Geçtiğimiz yıllarda düğün fotoğrafçısı denilince akla, düğün salonlarında fotoğraf çeken yada bir dükkanı olan küçük stüdyosunda düğün fotoğrafı çeken esnaflar geliyordu. Yani ya günlük yevmiyeyle çalışan bir düğün salonu işçisi yada esnaf olarak dükkanı olan fotoğrafçı olmak gerekiyordu. Buda birçok iş koluna göre çokta cazip gelen bir meslek değildi. Ancak günümüzde düğün fotoğrafçısı genç ve yetenekli insanların ellerinde bambaşka bir boyuta ulaştı. Aslında düğün fotoğrafçıları hakettiği değeri söke söke hakederek ulaştı.
ilk iş çiftleri tozlu ve eskimiş stüdyolardan çıkartı. Fotoğrafın fon yerine gerçek doğa ile bütünleşebileceğini gösterdi. Sonra yıllardır makinelerini bile değiştirmemiş düğün fotoğrafçısı zihniyetinden kurtarıp, teknoloji ile buluşturdu. Son teknoloji makinalar, lensler ve diğer ekipmanlar. 40 yıldır düğün fotoğrafına bir civi çakmamış abiler gitti, yerine her gün yeni bir konsept geliştiren istekli, işini seven ve çalışkan düğün fotoğrafçıları geldi. Ve gerçek bir devrim gerçekleşti.
Eskiler devrimi tabi ki istemedi. İşlerini ellerinden almakla suçladı. Açıklarını bulup ihbar etti. Gençlerden düğün fotoğrafçısı olmaz, tecrübe gerekir dediler. Ama iyi olan, emek veren kazandı ve onları da o tozlu stüdyolarından çıkarttık ! Hatta o şikayet ettikleri yeni nesil sayesinde onlarda yeniden doğdu. Para kazandılar. Ölmekte olan bir mesleği canladırılmasına daha fazla engel olamadılar.
Türkiyede düğün fotoğrafçılığı artık çok üst seviyelerde. Bir düğün fotoğrafçısı olarak açıkça söyleyebilirim ki bir çok ülkeden çok daha kaliteli işler çıkarılıyor. Türkiyenin doğal zenginliği ile yaratıcı düğün fotoğrafçılarımız birleşince bu çokta zor olmuyor aslında. Artık düğün fotoğrafçıları çiftlerin gözünde bir sanatçı! Tabi ki işini hakkıyla yapanlar sadece.

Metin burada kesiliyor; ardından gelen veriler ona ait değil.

(* Let $(V_1, V_2)$ be an isometric pair such that $C(V_1, V_2)$ is compact. Then \[ \operatorname{rank} C(V_1, V_2) = 2\, \operatorname{rank} [V_2^*, V_1] + \dim E_1 - \dim E_{-1}. \]
   Context: All Hilbert spaces are complex and separable. An isometric pair is a pair $(V_1,V_2)$ of commuting isometries on $\mathcal{H}$. $[V_2^*,V_1] := V_2^*V_1 - V_1V_2^*$. $C(V_1,V_2) := I - V_1V_1^* - V_2V_2^* + V_1V_2V_1^*V_2^*$ and $E_\mu := \ker(C(V_1,V_2)-\mu I)$. *)

From HB Require Import structures.
From mathcomp Require Import all_boot all_order all_algebra.
From mathcomp Require Import boolp classical_sets reals constructive_ereal ereal.
From mathcomp.real_closed Require Import complex.
Set Implicit Arguments. Unset Strict Implicit. Unset Printing Implicit Defensive.
Import Order.TTheory GRing.Theory Num.Theory.
Local Open Scope ring_scope.
Local Open Scope classical_set_scope.

Section Hilbert.
Variable R : realType.
Local Notation C := (R[i]).
Variable H : lmodType C.
Variable ip : H -> H -> C.

Definition hnorm (x : H) : C := sqrtC (ip x x).

Definition hcauchy (u : nat -> H) : Prop :=
  forall e : C, 0 < e -> exists N : nat, forall m n : nat,
    (N <= m)%N -> (N <= n)%N -> hnorm (u m - u n) < e.

Definition hconverges (u : nat -> H) (l : H) : Prop :=
  forall e : C, 0 < e -> exists N : nat, forall n : nat,
    (N <= n)%N -> hnorm (u n - l) < e.

Definition is_separable_hilbert : Prop :=
  [/\ (forall (a : C) (x y z : H), ip (a *: x + y) z = a * ip x z + ip y z),
      (forall x y : H, ip x y = (ip y x)^*),
      (forall x : H, 0 <= ip x x),
      (forall x : H, ip x x = 0 -> x = 0) /\
      (forall u : nat -> H, hcauchy u -> exists l, hconverges u l)
    & (exists d : nat -> H, forall (x : H) (e : C), 0 < e ->
          exists n, hnorm (x - d n) < e)].

Definition h_isometry (T : H -> H) : Prop := forall x y : H, ip (T x) (T y) = ip x y.

Definition h_adjoint (T Ts : H -> H) : Prop :=
  forall x y : H, ip (T x) y = ip x (Ts y).

Definition h_compact (T : H -> H) : Prop :=
  forall u : nat -> H, (exists M : C, forall n, hnorm (u n) <= M) ->
    exists (phi : nat -> nat) (l : H),
      (forall n, (phi n < phi n.+1)%N) /\ hconverges (fun n => T (u (phi n))) l.

Definition indep_in (S : set H) (n : nat) : Prop :=
  exists v : 'I_n -> H, (forall i, S (v i)) /\
    (forall c : 'I_n -> C, \sum_(i < n) c i *: v i = 0 -> forall i, c i = 0).

Definition h_dim (S : set H) : \bar R :=
  ereal_sup [set (n%:R)%:E | n in indep_in S].

Definition h_rank (T : H -> H) : \bar R := h_dim (range T).

Definition defect (V1 V2 V1s V2s : H -> H) : H -> H :=
  fun x => x - V1 (V1s x) - V2 (V2s x) + V1 (V2 (V1s (V2s x))).

Definition commut (V1 V2s : H -> H) : H -> H :=
  fun x => V2s (V1 x) - V1 (V2s x).

Definition eigsp (T : H -> H) (mu : C) : set H := [set x | T x = mu *: x].

End Hilbert.

(* Let P = I - V2 V2* (the projection onto ker V2* ) and Q = V1 P V1* (the
   projection onto V1 ker V2* ).  Then C(V1,V2) = P - Q =: A, and
   (I - P) Q = V2 [V2*,V1] V1*, whose range has the dimension of the range of
   [V2*,V1] because V1* is onto and V2 is injective.
   For a difference of two orthogonal projections, E_1 = ran P /\ ker Q and
   E_-1 = ker P /\ ran Q.  Put M1 = ran P(I - Q), M2 = ran (I - P)Q and
   F = (I - P)Q M1.  The map (I - P)Q sends M1 onto F with kernel E_1, and M2
   is the orthogonal sum of F and E_-1; so dim M1 = dim E_1 + dim F and
   dim M2 = dim F + dim E_-1.  Every r in ran A is P r + (r - P r), in M1 + M2,
   a direct sum since P is the identity on M1 and 0 on M2.  When ran A is
   finite-dimensional, the self-adjoint A is injective on it, so ran A = ran A^2;
   as A^2 commutes with P this puts M1 and M2 inside ran A, whence
   rank A = dim M1 + dim M2 = 2 dim M2 + dim E_1 - dim E_-1.  If F is
   infinite-dimensional, both sides are infinite.  Compactness only serves to
   make E_1 and E_-1 finite-dimensional. *)

From HB Require Import structures.
From mathcomp Require Import all_boot all_order all_algebra.
From mathcomp Require Import boolp classical_sets reals constructive_ereal ereal.
From mathcomp.real_closed Require Import complex.
From mathcomp Require Import ring.
Import Order.TTheory GRing.Theory Num.Theory.
Set Implicit Arguments. Unset Strict Implicit. Unset Printing Implicit Defensive.
Local Open Scope ring_scope.
Local Open Scope classical_set_scope.

Definition fcat (T : Type) n1 n2 (v1 : 'I_n1 -> T) (v2 : 'I_n2 -> T) : 'I_(n1 + n2) -> T :=
  fun i => match split i with inl j => v1 j | inr j => v2 j end.

Lemma fcat_lshift (T : Type) n1 n2 (v1 : 'I_n1 -> T) (v2 : 'I_n2 -> T) j :
  fcat v1 v2 (lshift n2 j) = v1 j.
Proof. by rewrite /fcat (unsplitK (inl _ j)). Qed.

Lemma fcat_rshift (T : Type) n1 n2 (v1 : 'I_n1 -> T) (v2 : 'I_n2 -> T) j :
  fcat v1 v2 (rshift n1 j) = v2 j.
Proof. by rewrite /fcat (unsplitK (inr _ j)). Qed.

Lemma fcat_in (T : Type) (S : set T) n1 n2 (v1 : 'I_n1 -> T) (v2 : 'I_n2 -> T) :
  (forall i, S (v1 i)) -> (forall i, S (v2 i)) -> forall i, S (fcat v1 v2 i).
Proof. by move=> S1 S2 i; rewrite /fcat; case: split. Qed.

Section Families.
Variables (K : fieldType) (H : lmodType K).

Definition lcomb n (c : 'I_n -> K) (v : 'I_n -> H) : H := \sum_(i < n) c i *: v i.
Definition lspan n (v : 'I_n -> H) : set H := [set x | exists c, x = lcomb c v].
Definition indep n (v : 'I_n -> H) : Prop := forall c, lcomb c v = 0 -> forall i, c i = 0.
Definition subspace (S : set H) : Prop :=
  S 0 /\ forall a x y, S x -> S y -> S (a *: x + y).
Definition finite_dim (S : set H) : Prop := exists n (v : 'I_n -> H), S `<=` lspan v.

Lemma eq_lcomb n (c : 'I_n -> K) (v w : 'I_n -> H) : v =1 w -> lcomb c v = lcomb c w.
Proof. by move=> vw; apply: eq_bigr => i _; rewrite vw. Qed.

Lemma lcomb_fcat n1 n2 (c : 'I_(n1 + n2) -> K) (v1 : 'I_n1 -> H) (v2 : 'I_n2 -> H) :
  lcomb c (fcat v1 v2) =
  lcomb (fun j => c (lshift n2 j)) v1 + lcomb (fun j => c (rshift n1 j)) v2.
Proof.
by rewrite /lcomb big_split_ord; congr (_ + _); apply: eq_bigr => j _;
  rewrite ?fcat_lshift ?fcat_rshift.
Qed.

Lemma linear_lcomb (f : {linear H -> H}) n (c : 'I_n -> K) (v : 'I_n -> H) :
  f (lcomb c v) = lcomb c (f \o v).
Proof. by rewrite /lcomb linear_sum; apply: eq_bigr => i _; rewrite linearZ. Qed.

Lemma lspan_fcatD n1 n2 (v1 : 'I_n1 -> H) (v2 : 'I_n2 -> H) x y :
  lspan v1 x -> lspan v2 y -> lspan (fcat v1 v2) (x + y).
Proof.
move=> [c1 ->] [c2 ->]; exists (fcat c1 c2); rewrite lcomb_fcat.
by congr (_ + _); apply: eq_bigr => j _; rewrite ?fcat_lshift ?fcat_rshift.
Qed.

Lemma indep_fcat n1 n2 (v1 : 'I_n1 -> H) (v2 : 'I_n2 -> H) :
  indep v1 -> indep v2 ->
  (forall c1 c2, lcomb c1 v1 + lcomb c2 v2 = 0 -> lcomb c1 v1 = 0) ->
  indep (fcat v1 v2).
Proof.
move=> iv1 iv2 split_sum c; rewrite lcomb_fcat => c0.
have c10 := split_sum _ _ c0; rewrite c10 add0r in c0.
by move=> i; rewrite -(splitK i); case: (split i) => j /=; [exact: iv1 c10 j|exact: iv2 c0 j].
Qed.

Lemma lspan0 n (v : 'I_n -> H) : lspan v 0.
Proof. by exists (fun=> 0); rewrite /lcomb big1 // => i _; rewrite scale0r. Qed.

Lemma indep_fcat1 n (v : 'I_n -> H) x :
  indep v -> ~ lspan v x -> indep (fcat v (fun _ : 'I_1 => x)).
Proof.
move=> iv xNspan; have xN0 : x != 0 by apply: contra_notN xNspan => /eqP ->; apply: lspan0.
apply: indep_fcat => // [c|c1 c2]; rewrite /lcomb big_ord1.
  by move=> /eqP; rewrite scaler_eq0 (negbTE xN0) orbF => /eqP c0 i; rewrite ord1.
move=> c0; have [c20|c2N0] := eqVneq (c2 ord0) 0.
  by move: c0; rewrite c20 scale0r addr0.
move/eqP: c0; rewrite addrC addr_eq0 => /eqP c2x.
exfalso; apply: xNspan; exists (fun j => - (c2 ord0)^-1 * c1 j).
rewrite -[x](scalerK c2N0) c2x scalerN /lcomb scaler_sumr -sumrN.
by apply: eq_bigr => j _; rewrite scalerA mulNr scaleNr.
Qed.

Section Subspace.
Variable S : set H.
Hypothesis subS : subspace S.

Lemma subspaceD x y : S x -> S y -> S (x + y).
Proof. by move=> Sx Sy; have := subS.2 1 x y Sx Sy; rewrite scale1r. Qed.

Lemma subspaceZ a x : S x -> S (a *: x).
Proof. by move=> Sx; have := subS.2 a x 0 Sx subS.1; rewrite addr0. Qed.

Lemma subspaceN x : S x -> S (- x).
Proof. by move=> Sx; rewrite -scaleN1r; apply: subspaceZ. Qed.

Lemma subspaceB x y : S x -> S y -> S (x - y).
Proof. by move=> Sx Sy; rewrite -scaleN1r addrC; apply: subS.2. Qed.

Lemma subspace_lcomb n (c : 'I_n -> K) (v : 'I_n -> H) :
  (forall i, S (v i)) -> S (lcomb c v).
Proof.
move=> Sv; apply: (big_ind S) => [|x y|i _]; [exact: subS.1|exact: subspaceD|].
exact: subspaceZ.
Qed.

End Subspace.

Lemma subspace_range (f : {linear H -> H}) : subspace (range f).
Proof.
split; first by exists 0; rewrite ?linear0.
by move=> a _ _ [x _ <-] [y _ <-]; exists (a *: x + y); rewrite ?linearP.
Qed.

Lemma finite_dim_sub (S T : set H) : S `<=` T -> finite_dim T -> finite_dim S.
Proof. by move=> ST [n [v T_span]]; exists n, v => x /ST /T_span. Qed.

Lemma indep_leq_span n m (v : 'I_n -> H) (w : 'I_m -> H) :
  (forall i, lspan v (w i)) -> indep w -> (m <= n)%N.
Proof.
move=> w_span indep_w; have [a w_lcomb] := choice w_span.
rewrite leqNgt; apply/negP => lt_nm.
pose A : 'M[K]_(m, n) := \matrix_(i, j) a i j.
(* a nonzero row of the left kernel of the coefficient matrix is a dependence among the w's *)
have : kermx A != 0.
  rewrite -mxrank_eq0 mxrank_ker subn_eq0 -ltnNge.
  exact: leq_ltn_trans (rank_leq_col A) lt_nm.
case/matrix0Pn => i0 [j0 kerA_nz].
pose c := row i0 (kermx A).
have cA : c *m A = 0 by rewrite -row_mul mulmx_ker row0.
have cA0 j : \sum_i c 0 i * a i j = 0 :> K.
  move/matrixP/(_ 0 j): cA; rewrite !mxE => cAj; rewrite -[RHS]cAj.
  by apply: eq_bigr => i _; rewrite /A !mxE.
have : lcomb (fun i => c 0 i) w = 0.
  rewrite /lcomb (eq_bigr (fun i => \sum_j (c 0 i * a i j) *: v j)); last first.
    by move=> i _; rewrite w_lcomb /lcomb scaler_sumr; apply: eq_bigr => j _; rewrite scalerA.
  by rewrite exchange_big big1 // => j _; rewrite -scaler_suml cA0 scale0r.
by move/indep_w => /(_ j0); rewrite /c mxE => c0; rewrite c0 eqxx in kerA_nz.
Qed.

Lemma indep_spans (S : set H) n (v w : 'I_n -> H) :
  S `<=` lspan v -> (forall i, S (w i)) -> indep w -> S `<=` lspan w.
Proof.
move=> S_span Sw indep_w x Sx; apply: contrapT => xNspan.
suff : (n + 1 <= n)%N by rewrite addn1 ltnn.
apply: (indep_leq_span (v := v) (w := fcat w (fun=> x))); last exact: indep_fcat1.
by apply: fcat_in => [i|_]; apply: S_span.
Qed.

End Families.

Section Dimension.
Variables (R : realType) (H : lmodType R[i]).
Implicit Types S : set H.

Lemma subspace_eigsp (f : {linear H -> H}) mu : subspace (eigsp f mu).
Proof.
split=> [|a x y fx fy]; first by rewrite /eigsp /= linear0 scaler0.
by rewrite /eigsp /= linearP fx fy scalerDr scalerA mulrC -scalerA.
Qed.

Lemma h_dim_ge S n : indep_in S n -> ((n%:R)%:E <= h_dim S)%E.
Proof. by move=> Sn; apply: ereal_sup_ubound; exists n. Qed.

Lemma h_dim_basis S n (v : 'I_n -> H) :
  (forall i, S (v i)) -> indep v -> S `<=` lspan v -> h_dim S = (n%:R)%:E.
Proof.
move=> Sv iv S_span; apply/eqP; rewrite eq_le h_dim_ge; last by exists v.
rewrite andbT; apply: ge_ereal_sup => _ [m [w [Sw iw]] <-].
by rewrite lee_fin ler_nat; apply: (indep_leq_span (v := v)) iw => i; apply: S_span.
Qed.

Lemma h_dim_infty S : (forall n, indep_in S n) -> h_dim S = +oo%E.
Proof.
move=> Sn; have Sge n : ((n%:R)%:E <= h_dim S)%E by apply: h_dim_ge.
case: (h_dim S) Sge => // [r|] Sge; last by have := Sge 0%N; rewrite leeNy_eq.
have := Sge (Num.bound `|r|); rewrite lee_fin => le_bound_r.
have := lt_le_trans (archi_boundP (normr_ge0 r)) le_bound_r.
by rewrite ltNge ler_norm.
Qed.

Bu mesleği bu güzel noktaya getiren şey her konuda olduğu gibi istek, çalışma ve işini sevmedir. Ancak bu korunmadığı sürece diğer her şey gibi tekrar azalarak bitmeye mahkumdur. Bir gün bu devrimi yapan bizler azalarak bitmesinde de sorumlu olabiliriz. Ve o gün geldiğinde yeniden devrim yapacak gençler orada olmayabilir.
İnsana değer verin, işinizi sevin, hakkını verin, dürüst olun…
Hepinize sevgiler.
Anıl Turan Çılgın – Record Yapım Kurucu, Genel Yönetmen
Harika bir yazı olmuş tebrikler !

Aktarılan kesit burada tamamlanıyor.